**WHAT YOU SHOULD DO:**
Among the lines below, a stretch begins at the one with "- destruct (Hd" and ends at the one with "transitivity (lam n". Repeat that stretch exactly, ends included.
:::::
Lemma C_m_R2_swap m u : C_m_R2 m u -> C_m_R2 m (fun x y => u y x).
Proof.
  intros [Hd Hc]; split; intros w Hw x y;
    rewrite <- (map_negb_involutive w) in Hw |- *; rewrite length_map in Hw.
  - destruct (Hd (map negb w) Hw y x) as [Hy Hx].
    split; [apply (ex_derive_ext (fun t => Dw (map negb w) u y t)) |
            apply (ex_derive_ext (fun t => Dw (map negb w) u t x))];
      auto; intros; symmetry; apply Dw_swap.
  - apply (continuous_ext (fun p => Dw (map negb w) u (snd p) (fst p)));
      [intros; symmetry; apply Dw_swap|].
    apply (continuous_comp_2 snd fst (Dw (map negb w) u));
      [apply continuous_snd | apply continuous_fst | apply Hc, Hw].
Qed.

Lemma W_bound_swap m u M : W_bound m u M -> W_bound m (fun x y => u y x) M.
Proof.
  intros [Hb HL]; split.
  - intros w Hw x y Hxy. rewrite <- (map_negb_involutive w), (Dw_swap (map negb w) u).
    apply Hb; [rewrite length_map; exact Hw | unfold in_sq in *; tauto].
  - intros w Hw x y x' y' Hxy Hxy'.
    rewrite <- (map_negb_involutive w), !(Dw_swap (map negb w) u), Rmax_comm.
    apply HL; [rewrite length_map; exact Hw | unfold in_sq in *; tauto ..].
Qed.

(* [lam 1] is a difference of point values, so it commutes with the linear functional [lam n]. *)
Lemma Mcoef_swap n m u xl xr yl yr : (2 <= n)%nat -> (2 <= m)%nat -> C_m_R2 m u ->
  Mcoef u xl xr yl yr n 1 = Mcoef (fun x y => u y x) yl yr xl xr 1 n.
Proof.
  intros Hn Hm [Hu _]. unfold Mcoef.
  set (al := (xr - xl) / 2). set (ga := (xl + xr) / 2).
  set (B := fun yh => (yr - yl) / 2 * yh + (yl + yr) / 2).
  assert (HD : forall y t, is_derive (fun xh => u (al * xh + ga) y) t
                             (al * Dw (true :: nil) u (al * t + ga) y)).
  { intros y t. apply (is_derive_affine_comp (fun s => u s y)), Derive_correct.
    exact (proj1 (Hu nil ltac:(simpl; lia) _ y)). }
  assert (HC : forall y t, continuous (fun xh => al * Dw (true :: nil) u (al * xh + ga) y) t).
  { intros y t.
    apply (is_derive_continuous_R _ _ (al * (al * Dw (true :: true :: nil) u (al * t + ga) y))).
    apply is_derive_scal, (is_derive_affine_comp (fun s => Dw (true :: nil) u s y)), Derive_correct.
    exact (proj1 (Hu (true :: nil) ltac:(simpl; lia) _ y)). }
  transitivity (lam n (fun xh => (u (al * xh + ga) (B 1) - u (al * xh + ga) (B (-1))) / 2));
    [apply lam_ext; reflexivity|].
  rewrite (lam_half_minus n _ _ _ _ Hn (HD (B 1)) (HD (B (-1))) (HC (B 1)) (HC (B (-1)))).
  reflexivity.
Qed.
:::::
**ANSWER SECTION:**
  - destruct (Hd (map negb w) Hw y x) as [Hy Hx].
    split; [apply (ex_derive_ext (fun t => Dw (map negb w) u y t)) |
            apply (ex_derive_ext (fun t => Dw (map negb w) u t x))];
      auto; intros; symmetry; apply Dw_swap.
  - apply (continuous_ext (fun p => Dw (map negb w) u (snd p) (fst p)));
      [intros; symmetry; apply Dw_swap|].
    apply (continuous_comp_2 snd fst (Dw (map negb w) u));
      [apply continuous_snd | apply continuous_fst | apply Hc, Hw].
Qed.

Lemma W_bound_swap m u M : W_bound m u M -> W_bound m (fun x y => u y x) M.
Proof.
  intros [Hb HL]; split.
  - intros w Hw x y Hxy. rewrite <- (map_negb_involutive w), (Dw_swap (map negb w) u).
    apply Hb; [rewrite length_map; exact Hw | unfold in_sq in *; tauto].
  - intros w Hw x y x' y' Hxy Hxy'.
    rewrite <- (map_negb_involutive w), !(Dw_swap (map negb w) u), Rmax_comm.
    apply HL; [rewrite length_map; exact Hw | unfold in_sq in *; tauto ..].
Qed.

(* [lam 1] is a difference of point values, so it commutes with the linear functional [lam n]. *)
Lemma Mcoef_swap n m u xl xr yl yr : (2 <= n)%nat -> (2 <= m)%nat -> C_m_R2 m u ->
  Mcoef u xl xr yl yr n 1 = Mcoef (fun x y => u y x) yl yr xl xr 1 n.
Proof.
  intros Hn Hm [Hu _]. unfold Mcoef.
  set (al := (xr - xl) / 2). set (ga := (xl + xr) / 2).
  set (B := fun yh => (yr - yl) / 2 * yh + (yl + yr) / 2).
  assert (HD : forall y t, is_derive (fun xh => u (al * xh + ga) y) t
                             (al * Dw (true :: nil) u (al * t + ga) y)).
  { intros y t. apply (is_derive_affine_comp (fun s => u s y)), Derive_correct.
    exact (proj1 (Hu nil ltac:(simpl; lia) _ y)). }
  assert (HC : forall y t, continuous (fun xh => al * Dw (true :: nil) u (al * xh + ga) y) t).
  { intros y t.
    apply (is_derive_continuous_R _ _ (al * (al * Dw (true :: true :: nil) u (al * t + ga) y))).
    apply is_derive_scal, (is_derive_affine_comp (fun s => Dw (true :: nil) u s y)), Derive_correct.
    exact (proj1 (Hu (true :: nil) ltac:(simpl; lia) _ y)). }
  transitivity (lam n (fun xh => (u (al * xh + ga) (B 1) - u (al * xh + ga) (B (-1))) / 2));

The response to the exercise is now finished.